## Work required:
Only an exact retyping of all the entries counts as an answer.

## Provided records:
Definition unprimed (S : vocab) (phi : fm S) : fm (dup S) :=
  frename (@inl (fsym S) (fsym S)) (@inl (rsym S) (rsym S)) phi.
Definition primed (S : vocab) (phi : fm S) : fm (dup S) :=
  frename (@inr (fsym S) (fsym S)) (@inr (rsym S) (rsym S)) phi.
Definition tinv (S : vocab) (tau : fm (dup S)) : fm (dup S) :=
  frename (@swap_sum (fsym S)) (@swap_sum (rsym S)) tau.

Record problem (S : vocab) := mkProblem {
  p_init : fm S;
  p_trans : fm (dup S);
  p_bad : fm S
}.
Arguments mkProblem {S} _ _ _.

Definition safety_problem (S : vocab) (Pi : problem S) : Prop :=
  closed_over S (p_init Pi) /\ closed_over (dup S) (p_trans Pi) /\
  closed_over S (p_bad Pi).
Arguments safety_problem S Pi : clear implicits.

Definition safe_inductive_invariant (S : vocab) (Pi : problem S) (phi : fm S)
  : Prop :=
  closed_over S phi /\
  entails S (p_init Pi) phi /\
  entails (dup S) (FAnd (unprimed phi) (p_trans Pi)) (primed phi) /\
  entails S phi (FNot (p_bad Pi)).
Arguments safe_inductive_invariant S Pi phi : clear implicits.

Inductive fbi (S : vocab) (PP : fm S -> Prop) : problem S -> Type :=
| RInd (iota : fm S) (tau : fm (dup S)) (phi : fm S) :
    closed_over S phi -> PP phi ->
    entails S iota phi ->
    entails (dup S) (FAnd (unprimed phi) tau) (primed phi) ->
    fbi PP (mkProblem iota tau (FNot phi))
| RCons (iota : fm S) (tau : fm (dup S)) (beta phi : fm S) :
    closed_over S phi ->
    entails S phi (FNot beta) ->
    fbi PP (mkProblem iota tau (FNot phi)) ->
    fbi PP (mkProblem iota tau beta)
| RInc (iota : fm S) (tau : fm (dup S)) (beta phi : fm S) :
    closed_over S phi ->
    fbi PP (mkProblem iota tau (FNot phi)) ->
    fbi PP (mkProblem (FAnd iota phi)
                      (FAnd tau (FAnd (unprimed phi) (primed phi)))
                      (FAnd beta phi)) ->
    fbi PP (mkProblem iota tau beta)
| RRev (iota : fm S) (tau : fm (dup S)) (beta : fm S) :
    fbi PP (mkProblem beta (tinv tau) iota) ->
    fbi PP (mkProblem iota tau beta).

## Solution:
Definition unprimed (S : vocab) (phi : fm S) : fm (dup S) :=
  frename (@inl (fsym S) (fsym S)) (@inl (rsym S) (rsym S)) phi.
Definition primed (S : vocab) (phi : fm S) : fm (dup S) :=
  frename (@inr (fsym S) (fsym S)) (@inr (rsym S) (rsym S)) phi.
Definition tinv (S : vocab) (tau : fm (dup S)) : fm (dup S) :=
  frename (@swap_sum (fsym S)) (@swap_sum (rsym S)) tau.

Record problem (S : vocab) := mkProblem {
  p_init : fm S;
  p_trans : fm (dup S);
  p_bad : fm S
}.
Arguments mkProblem {S} _ _ _.

Definition safety_problem (S : vocab) (Pi : problem S) : Prop :=
  closed_over S (p_init Pi) /\ closed_over (dup S) (p_trans Pi) /\
  closed_over S (p_bad Pi).
Arguments safety_problem S Pi : clear implicits.

Definition safe_inductive_invariant (S : vocab) (Pi : problem S) (phi : fm S)
  : Prop :=
  closed_over S phi /\
  entails S (p_init Pi) phi /\
  entails (dup S) (FAnd (unprimed phi) (p_trans Pi)) (primed phi) /\
  entails S phi (FNot (p_bad Pi)).
Arguments safe_inductive_invariant S Pi phi : clear implicits.

Inductive fbi (S : vocab) (PP : fm S -> Prop) : problem S -> Type :=
| RInd (iota : fm S) (tau : fm (dup S)) (phi : fm S) :
    closed_over S phi -> PP phi ->
    entails S iota phi ->
    entails (dup S) (FAnd (unprimed phi) tau) (primed phi) ->
    fbi PP (mkProblem iota tau (FNot phi))
| RCons (iota : fm S) (tau : fm (dup S)) (beta phi : fm S) :
    closed_over S phi ->
    entails S phi (FNot beta) ->
    fbi PP (mkProblem iota tau (FNot phi)) ->
    fbi PP (mkProblem iota tau beta)
| RInc (iota : fm S) (tau : fm (dup S)) (beta phi : fm S) :
    closed_over S phi ->
    fbi PP (mkProblem iota tau (FNot phi)) ->
    fbi PP (mkProblem (FAnd iota phi)
                      (FAnd tau (FAnd (unprimed phi) (primed phi)))
                      (FAnd beta phi)) ->
    fbi PP (mkProblem iota tau beta)
| RRev (iota : fm S) (tau : fm (dup S)) (beta : fm S) :
    fbi PP (mkProblem beta (tinv tau) iota) ->
    fbi PP (mkProblem iota tau beta).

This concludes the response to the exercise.